Re: data structure for strings
Date: 2000/08/13
Message-ID: <Pine.LNX.4.10.10008131307010.23762-100000_at_Gloria.CAM.ORG>#1/1
> I would suggest you use a hash table with a hash function chosen
> depending on what you mean by the comparison operator *like*.
>
Sorry, I meant "identical" rather than "like". The only option I would
like to provide is case insensitivity, which isn't much of a problem
(simply store the records in lower-case and make sure to convert strings
to lower-case before retrieving from the table). I have indeed decided to
go for the hash table approach.

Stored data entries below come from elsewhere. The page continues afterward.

(* Let $\mathbb{F}$ be a field with $\mathrm{char}(\mathbb{F})\neq 2$, and let $L$ be a finite-dimensional pure, nonnilpotent, solvable Lie algebra over $\mathbb{F}$ of breadth $1$. Then $L$ has a basis $\{x,y\}$ such that $[x,y]=x$.
   Context: For $x\in L$, $b(x)=\mathrm{rank}(\mathrm{ad}_x)$ and $b(L)=\max\{b(x)\mid x\in L\}$ is the breadth of $L$. $L$ is pure if it has no abelian ideal as a direct summand; equivalently $Z(L)\subseteq[L,L]$, where $Z(L)$ is the center. *)

From HB Require Import structures.
From mathcomp Require Import all_boot all_order all_algebra.
Set Implicit Arguments. Unset Strict Implicit. Unset Printing Implicit Defensive.
Import GRing.Theory.
Local Open Scope ring_scope.


Definition is_lie_bracket (F : fieldType) (V : vectType F) (br : V -> V -> V) : Prop :=
  [/\ (forall (a : F) (x y z : V), br (a *: x + y) z = a *: br x z + br y z),
      (forall (a : F) (x y z : V), br z (a *: x + y) = a *: br z x + br z y),
      (forall x : V, br x x = 0) &
      (forall x y z : V, br x (br y z) + br y (br z x) + br z (br x y) = 0)].

(* [U, W] : the subspace spanned by all brackets [u, w], u in U, w in W
   (spanned by brackets of basis vectors, by bilinearity) *)
Definition lie_brs (F : fieldType) (V : vectType F) (br : V -> V -> V)
  (U W : {vspace V}) : {vspace V} :=
  (<<[seq br u w | u <- vbasis U, w <- vbasis W]>>)%VS.

Definition derived_alg (F : fieldType) (V : vectType F) (br : V -> V -> V) :=
  lie_brs br fullv fullv.

Definition in_center (F : fieldType) (V : vectType F) (br : V -> V -> V) (z : V) :=
  forall y : V, br z y = 0.

Definition lie_pure (F : fieldType) (V : vectType F) (br : V -> V -> V) :=
  forall z : V, in_center br z -> z \in derived_alg br.

Definition derived_series (F : fieldType) (V : vectType F) (br : V -> V -> V)
  (k : nat) : {vspace V} := iter k (fun U => lie_brs br U U) fullv%VS.

Definition lie_solvable (F : fieldType) (V : vectType F) (br : V -> V -> V) :=
  exists k, derived_series br k = 0%VS.

Definition lower_central (F : fieldType) (V : vectType F) (br : V -> V -> V)
  (k : nat) : {vspace V} := iter k (fun U => lie_brs br fullv U) fullv.

Definition lie_nilpotent (F : fieldType) (V : vectType F) (br : V -> V -> V) :=
  exists k, lower_central br k = 0%VS.

Definition lie_b (F : fieldType) (V : vectType F) (br : V -> V -> V) (x : V) : nat :=
  \dim (limg (linfun (br x))).

Definition has_breadth (F : fieldType) (V : vectType F) (br : V -> V -> V) (n : nat) :=
  (exists x : V, lie_b br x = n) /\ (forall x : V, (lie_b br x <= n)%N).

From HB Require Import structures.
From mathcomp Require Import all_boot all_order all_algebra.
From Stdlib Require Import Classical.
Import GRing.Theory.
Local Open Scope ring_scope.

(* Breadth 1 means that every [ad x] has rank at most 1.  If some [ad x] is not
   of square zero, its image line is spanned by an eigenvector [a] with a
   nonzero eigenvalue; rescaling [x] gives [[x, a] = a].  Then every element is
   a central element plus a combination of [a] and [x], all brackets lie in
   [F a], and purity forces the center, which lies in [F a], to vanish: [L] is
   spanned by [a] and [x].  Otherwise [ad x ^ 2 = 0] for all [x]; polarizing
   gives [ad x ad y = - ad y ad x], and rank at most 1 then forces
   [[L, [L, L]] = 0], contradicting non-nilpotency. *)

Set Implicit Arguments.
Unset Strict Implicit.

Section LieBracket.

Variables (F : fieldType) (V : vectType F) (br : V -> V -> V).
Hypothesis br_lie : is_lie_bracket br.

Lemma brDl x y z : br (x + y) z = br x z + br y z.
Proof. by case: br_lie => brl _ _ _; have := brl 1 x y z; rewrite !scale1r. Qed.

Lemma brDr x y z : br z (x + y) = br z x + br z y.
Proof. by case: br_lie => _ brr _ _; have := brr 1 x y z; rewrite !scale1r. Qed.

Lemma br0l z : br 0 z = 0.
Proof. by apply: (addrI (br 0 z)); rewrite -brDl !addr0. Qed.

Lemma br0r z : br z 0 = 0.
Proof. by apply: (addrI (br z 0)); rewrite -brDr !addr0. Qed.

Lemma brZl a x z : br (a *: x) z = a *: br x z.
Proof. by case: br_lie => brl _ _ _; have := brl a x 0 z; rewrite !addr0 br0l addr0. Qed.

Lemma brZr a x z : br z (a *: x) = a *: br z x.
Proof. by case: br_lie => _ brr _ _; have := brr a x 0 z; rewrite !addr0 br0r addr0. Qed.

Lemma brNr x z : br z (- x) = - br z x.
Proof. by rewrite -scaleN1r brZr scaleN1r. Qed.

Lemma brxx x : br x x = 0.
Proof. by case: br_lie. Qed.

Lemma br_anti x y : br x y = - br y x.
Proof.
apply/eqP; rewrite -addr_eq0; apply/eqP.
by have := brxx (x + y); rewrite brDl !brDr !brxx add0r addr0.
Qed.

Lemma br_jacobi x y z : br x (br y z) + br y (br z x) + br z (br x y) = 0.
Proof. by case: br_lie. Qed.

Lemma ad_lfunE x y : linfun (br x) y = br x y.
Proof.
have br_linear : linear (br x) by move=> k u v; case: br_lie => _ brr _ _; exact: brr.
exact: (lfunE (HB.pack (br x) (GRing.isLinear.Build F V V *:%R (br x) br_linear))).
Qed.

Lemma lie_nilpotent_of_br_br_eq0 :
  (forall x y z, br x (br y z) = 0) -> lie_nilpotent br.
Proof.
move=> br_br0; exists 2%N; apply/eqP; rewrite -subv0.
apply/span_subvP => _ /allpairsP [[u w] [_ /= /vbasis_mem w_der ->]].
have der_ker : (derived_alg br <= lker (linfun (br u)))%VS.
  by apply/span_subvP => _ /allpairsP [[p q] [_ _ ->]]; rewrite memv_ker ad_lfunE br_br0.
by move: (subvP der_ker w w_der); rewrite memv_ker ad_lfunE memv0.
Qed.

Hypothesis breadth_le1 : forall x, (lie_b br x <= 1)%N.

Lemma br_in_line x v : br x v != 0 -> forall w, br x w \in <[br x v]>%VS.
Proof.
move=> xv_neq0 w.
have in_img u : br x u \in limg (linfun (br x)).
  by rewrite -ad_lfunE memv_img ?memvf.
have /eqP -> : (<[br x v]> == limg (linfun (br x)))%VS.
  by rewrite eqEdim -memvE in_img dim_vline xv_neq0; exact: breadth_le1.
exact: in_img.
Qed.

Lemma eigvec_of_ad_sq_neq0 x w :
  br x (br x w) != 0 -> exists y a, a != 0 /\ br y a = a.
Proof.
set b := br x w; set a := br x b => a_neq0.
have [c xa] : exists c, br x a = c *: a by apply/vlineP; exact: br_in_line.
have [k xw] : exists k, b = k *: a by apply/vlineP; exact: br_in_line.
have c_neq0 : c != 0.
  by apply: contraNneq a_neq0 => c0; rewrite /a xw brZr xa c0 scale0r scaler0.
by exists (c^-1 *: x), a; rewrite brZl xa scalerA mulVf // scale1r.
Qed.

Section SquareZero.

Hypothesis ad_sq0 : forall x w, br x (br x w) = 0.

Lemma br_br_anti x y z : br x (br y z) = - br y (br x z).
Proof.
apply/eqP; rewrite -addr_eq0; apply/eqP.
by have := ad_sq0 (x + y) z; rewrite !brDl !brDr !ad_sq0 add0r addr0.
Qed.

Lemma br_br_eq0 x y z : br x (br y z) = 0.
Proof.
apply/eqP/negP => /negP xyz_neq0.
have yxz_neq0 : br y (br x z) != 0 by rewrite -oppr_eq0 -br_br_anti.
have /vlineP [k yz] := br_in_line yxz_neq0 z.
by move: xyz_neq0; rewrite yz brZr br_br_anti ad_sq0 br0r oppr0 scaler0 eqxx.
Qed.

End SquareZero.

Section Eigenvector.

Variables x a : V.
Hypotheses (a_neq0 : a != 0) (br_xa : br x a = a).

Lemma br_line_of_fixed y w : br y a = a -> br y w \in <[a]>%VS.
Proof. by move=> ya; rewrite -{1}ya br_in_line ?ya. Qed.

Lemma br_a_line w : br a w \in <[a]>%VS.
Proof.
have ax_neq0 : br a x != 0 by rewrite br_anti br_xa oppr_eq0.
have /vlineP [k ->] := br_in_line ax_neq0 w.
by apply/vlineP; exists (- k); rewrite br_anti br_xa scalerN scaleNr.
Qed.

Lemma central_of_commuting z : br x z = 0 -> br z a = 0 -> in_center br z.
Proof.
move=> xz za w.
have /vlineP [al xw] := br_line_of_fixed w br_xa.
have /vlineP [e zw] : br z w \in <[a]>%VS.
  have xza : br (x + z) a = a by rewrite brDl br_xa za addr0.
  have := memvB (br_line_of_fixed w xza) (br_line_of_fixed w br_xa).
  by rewrite brDl addrC addKr.
have := br_jacobi x z w.
rewrite zw brZr br_xa [br w x]br_anti xw brNr brZr za xz br0r scaler0 oppr0 !addr0.
by move/eqP; rewrite scaler_eq0 (negbTE a_neq0) orbF => /eqP e0; rewrite e0 scale0r.
Qed.

Lemma eigvec_decomposition u :
  exists z al be, in_center br z /\ u = z + al *: a + be *: x.
Proof.
have /vlineP [al xu] := br_line_of_fixed u br_xa.
have /vlineP [be au'] := br_a_line (u - al *: a).
exists (u - al *: a + be *: x), al, (- be); split; last first.
  by rewrite scaleNr addrAC addrK subrK.
apply: central_of_commuting.
  by rewrite !brDr brNr !brZr br_xa xu brxx scaler0 addr0 subrr.
by rewrite brDl brZl br_xa [br _ a]br_anti au' addrC subrr.
Qed.

Lemma derived_sub_line : (derived_alg br <= <[a]>)%VS.
Proof.
apply/span_subvP => _ /allpairsP [[u w] [_ _ ->]] /=.
have [z [al [be [z_central ->]]]] := eigvec_decomposition u.
rewrite !brDl z_central add0r !brZl.
by rewrite memvD ?memvZ ?br_a_line ?(br_line_of_fixed w br_xa).
Qed.

Hypothesis br_pure : lie_pure br.

Lemma center_eq0 z : in_center br z -> z = 0.
Proof.
move=> z_central; have /vlineP [e z_eq] := subvP derived_sub_line z (br_pure z_central).
have : br x z = 0 by rewrite br_anti z_central oppr0.
rewrite z_eq brZr br_xa => /eqP; rewrite scaler_eq0 (negbTE a_neq0) orbF.
by move=> /eqP ->; rewrite scale0r.
Qed.

Lemma basis_eigvec : basis_of fullv [:: a; - x].
Proof.
rewrite /basis_of span_cons span_seq1 free_cons span_seq1 seq1_free.
apply/and3P; split.
- rewrite eqEsubv subvf /=; apply/subvP => u _.
  have [z [al [be [/center_eq0 -> ->]]]] := eigvec_decomposition u.
  rewrite add0r -[be *: x]opprK -scalerN -scaleNr.
  by rewrite memv_add ?memvZ ?memv_line.
- apply/vlineP => -[k a_eq].
  by move: a_neq0; rewrite -br_xa a_eq brZr brNr brxx oppr0 scaler0 eqxx.
- apply: contraNneq a_neq0 => /eqP; rewrite oppr_eq0 => /eqP x0.
  by rewrite -br_xa x0 br0l.
Qed.

End Eigenvector.

End LieBracket.

Unset Implicit Arguments.

Theorem corollary2p7 (F : fieldType) (V : vectType F) (br : V -> V -> V) :
  2%N \notin [pchar F] ->
  is_lie_bracket br ->
  lie_pure br -> ~ lie_nilpotent br -> lie_solvable br ->
  has_breadth br 1 ->
  exists x y : V, basis_of fullv [:: x; y] /\ br x y = x.
Proof.
move=> _ br_lie br_pure not_nilpotent _ [_ breadth_le1].
have [[x [w xxw_neq0]] | ad_sq0] := classic (exists x w, br x (br x w) != 0).
  have [y [a [a_neq0 br_ya]]] := eigvec_of_ad_sq_neq0 br_lie breadth_le1 xxw_neq0.
  exists a, (- y); split.
    exact: (basis_eigvec br_lie breadth_le1 a_neq0 br_ya br_pure).
  by rewrite (brNr br_lie) (br_anti br_lie) opprK.
case: not_nilpotent; apply: lie_nilpotent_of_br_br_eq0 => //.
apply: br_br_eq0 => // x w; apply/eqP; apply: contra_notT ad_sq0 => xxw_neq0.
by exists x, w.
Qed.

I would've liked something like a perfect
hashing function, like that provided by gperf, but I must support anagrams
which gperf doesn't.
> The hash function and table size can be set up to give you an
> average of one function calculation and one word comparison per
> lookup.
>
Also, depending on the hash function chosen, I don't even need to hash
each character in the string. As Cichelli's article in CACM explains, only
hashing first and last characters as well as the length is sometimes
enough, although it necessarily requires a strcmp afterwards. In any case,
regardless of the hashing function, it should always be necessary to
strcmp afterwards since it will always be possible for two strings to hash
to the same value.
> If you mean *like* and not /identical/ your hash function should
> give similar outputs with similar words, you could use the
> Soundex or a similar phonetic encoding before hashing, you could
> generate a bit string with bits indicating letters present as
> input to the hash function; or forget the hashing and compute
> something like a bulls and cows score for each word in the table
> relative to the input word, with the highest bulls and cows
> scores giving the nearest matches to the input word.
>
Interesting, I've never heard of this "bulls and cows score". Can you
explain some more, I don't quite understand.
Received on Sun Aug 13 2000 - 00:00:00 CEST